Когда Морро пригрозил, что убьет Райала — угроза, которую он поначалу вовсе не собирался исполнять, — Диима, судя по всему, решила занять место мужа и тем спасти его жизнь. Она велела Райалу взять меч и сторожить на берегу, так как (сочинила она) знахарь, пользующий царский дом, сказал ей, что некий трехглавый морской дракон выползет этой ночью на берег и выпьет кровь всех жителей деревни. Всегда легко верящий небывалому, Райал с готовностью согласился. А Диима укоротила свои восхитительные волосы, смочила их водой, чтобы они стали неузнаваемы на ощупь, и легла, ожидая меча Морро.
«Если хочешь, убей меня», — сказал Морро, схватив острый меч Райала и приставив его себе к горлу.
«Нет, — ответил Райал, отбросив меч как можно дальше. Еще одно убийство не вернет Диимы.
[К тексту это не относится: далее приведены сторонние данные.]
(** Call a finite word [u] together with a finite set [P] of finite run prefixes
    uncoverable when the words of L that extend [u] and have, for every [t] in
    [P], an accepting run extending [t], are contained in no Borel subset of L.
    As L is not Borel, the root ([], {[c0]}) is uncoverable, and an uncoverable
    pair stays uncoverable when (i) a run prefix is extended past a final
    state, (ii) a run prefix is split into two incomparable extensions, or
    (iii) the word is split into two incomparable extensions.  For (iii), the
    words all of whose prefixes are uncoverable form at most one point.  For
    (ii), off a Borel set every word of the cylinder has a unique accepting run
    through the prefix, and an analytic set of words with unique runs has a
    Borel hull inside L: this is the Lusin-Souslin argument, run through the
    Lusin separation theorem.  Iterating (i)-(iii) gives a Cantor scheme of
    continuum many words, each with continuum many accepting runs, and
    Cantor-Bernstein turns these injections into bijections. *)

Lemma dependent_choice (T : Type) (P : T -> Prop) (R : T -> T -> Prop) (s0 : T) :
  P s0 -> (forall s, P s -> exists2 s', R s s' & P s') ->
  exists f : nat -> T, f 0 = s0 /\ forall n, R (f n) (f n.+1) /\ P (f n).
Proof.
move=> P0 hR.
have /choice [g hg] : forall s, exists s', P s -> R s s' /\ P s'.
  move=> s; have [/hR [s' Rs' Ps']|nPs] := EM (P s); first by exists s'.
  by exists s.
have Pf : forall n, P (iter n g s0) by elim=> //= n /hg [].
exists (fun n => iter n g s0); split => // n.
by have [] := hg _ (Pf n).
Qed.

Lemma exists_neq (T U : Type) (f g : T -> U) : f <> g -> exists i, f i <> g i.
Proof. by move=> fg; apply/existsNP => e; exact/fg/funext. Qed.

Lemma first_neq (T : eqType) (f g : nat -> T) :
  f <> g -> exists n, f n <> g n /\ forall i, i < n -> f i = g i.
Proof.
move=> fg; have [i /eqP fgi] := exists_neq fg.
have ex_neq : exists n, f n != g n by exists i.
case: (ex_minnP ex_neq) => n /eqP fgn min_n; exists n; split => // j jn.
by apply/eqP; apply: contraTT jn => /min_n; rewrite -leqNgt.
Qed.

Section Prefixes.
Variable T : eqType.
Implicit Types s t : seq T.

Lemma prefix_nth (x0 : T) s t i : prefix s t -> i < size s -> nth x0 s i = nth x0 t i.
Proof. by move=> /prefixP [u ->] hi; rewrite nth_cat hi. Qed.

Lemma prefix_size_eq s t : prefix s t -> size s = size t -> s = t.
Proof.
move=> /prefixP [u ->] /eqP; rewrite size_cat -{1}[size s]addn0 eqn_add2l.
by rewrite eq_sym size_eq0 => /eqP ->; rewrite cats0.
Qed.

Lemma prefix_total s1 s2 t : prefix s1 t -> prefix s2 t -> prefix s1 s2 || prefix s2 s1.
Proof.
move=> p1 p2; apply/orP.
have /eqP e1 : take (size s1) t == s1 by rewrite -prefixE.
have /eqP e2 : take (size s2) t == s2 by rewrite -prefixE.
case: (leqP (size s1) (size s2)) => hs.
  by left; rewrite prefixE -{1}e2 take_takel // e1.
by right; rewrite prefixE -{1}e1 take_takel ?e2 // ltnW.
Qed.

Definition incomparable s t := ~~ prefix s t && ~~ prefix t s.

Lemma incomparable_prefix s t s' t' :
  incomparable s t -> prefix s s' -> prefix t t' -> incomparable s' t'.
Proof.
move=> /andP [st ts] ss' tt'; apply/andP; split; apply/negP => h.
  by have := prefix_total (prefix_trans ss' h) tt'; rewrite (negbTE st) (negbTE ts).
by have := prefix_total ss' (prefix_trans tt' h); rewrite (negbTE st) (negbTE ts).
Qed.

End Prefixes.

Definition oprefix (T : Type) (u : seq T) (x : nat -> T) := mkseq x (size u) = u.

Section OmegaPrefixes.
Variable T : Type.
Implicit Types (u : seq T) (x y : nat -> T).

Lemma oprefixP (x0 : T) u x : oprefix u x <-> forall i, i < size u -> x i = nth x0 u i.
Proof.
split => [e i hi|h]; first by rewrite -e nth_mkseq.
apply: (@eq_from_nth _ x0); rewrite size_mkseq // => i hi.
by rewrite nth_mkseq // h.
Qed.

Lemma oprefix_mkseq x n : oprefix (mkseq x n) x.
Proof. by rewrite /oprefix size_mkseq. Qed.

Lemma oprefix_rcons u a x : oprefix (rcons u a) x <-> oprefix u x /\ x (size u) = a.
Proof.
rewrite /oprefix size_rcons mkseqS.
by split => [/rcons_inj [-> ->]|[-> ->]].
Qed.

Lemma agree_mkseq n x y : agree n x y <-> mkseq x n = mkseq y n.
Proof.
split => [h|e i hi]; first by apply/eq_in_map => i; rewrite mem_iota => /andP [_ /h].
by have := congr1 (nth (x 0) ^~ i) e; rewrite !nth_mkseq.
Qed.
Я буду чтить ее память; поскольку мужчина — это мужчина, возможно, когда-нибудь женюсь снова, но никто не займет в моем сердце места моей ненаглядной Диимы Я полюбил ее на всю жизнь и не ставлю тебе в вину, что и ты возжелал ее».
В этот момент как раз проходил караульный, и Морро в слезах признался ему в своем нечаянном убийстве принцессы Диимы. Караульный не был уверен, является ли убийство одного члена царствующей семьи другим преступлением, и, пока он поднимал судью племени с его ложа из ярких листьев дерева тай, Морро встал на ноги и крепко обнял Райала. Потом он спустился к морю, сел в свое замечательное каноэ и, оттолкнувшись веслом, поплыл по темному океану, и больше о нем никто никогда не слышал. Некоторые говорят, что он стал добычей акул, другие настаивают, что он так и прожил свой век на пустынной, лишенной растительности коралловой гряде: безумный отшельник со спутанной гривой волос, проповедующий чайкам и распевающий с моллюсками.
Отрубленную голову Диимы похоронили вместе с ее телом, но через год после погребения могилу раскрыли и череп вынули, чтобы Райал мог водрузить его на домашний алтарь, рядом с флейтой его покойной жены, ее крашенными вручную платьями и всеми фигурками птиц и зверюшек, которыми она так дорожила Райал никогда больше не женился, но говорят, что в полнолуние его можно увидеть на пляже танцующим с женщиной, которую, если бы не отсутствие головы, всякий, конечно, назвал бы красавицей.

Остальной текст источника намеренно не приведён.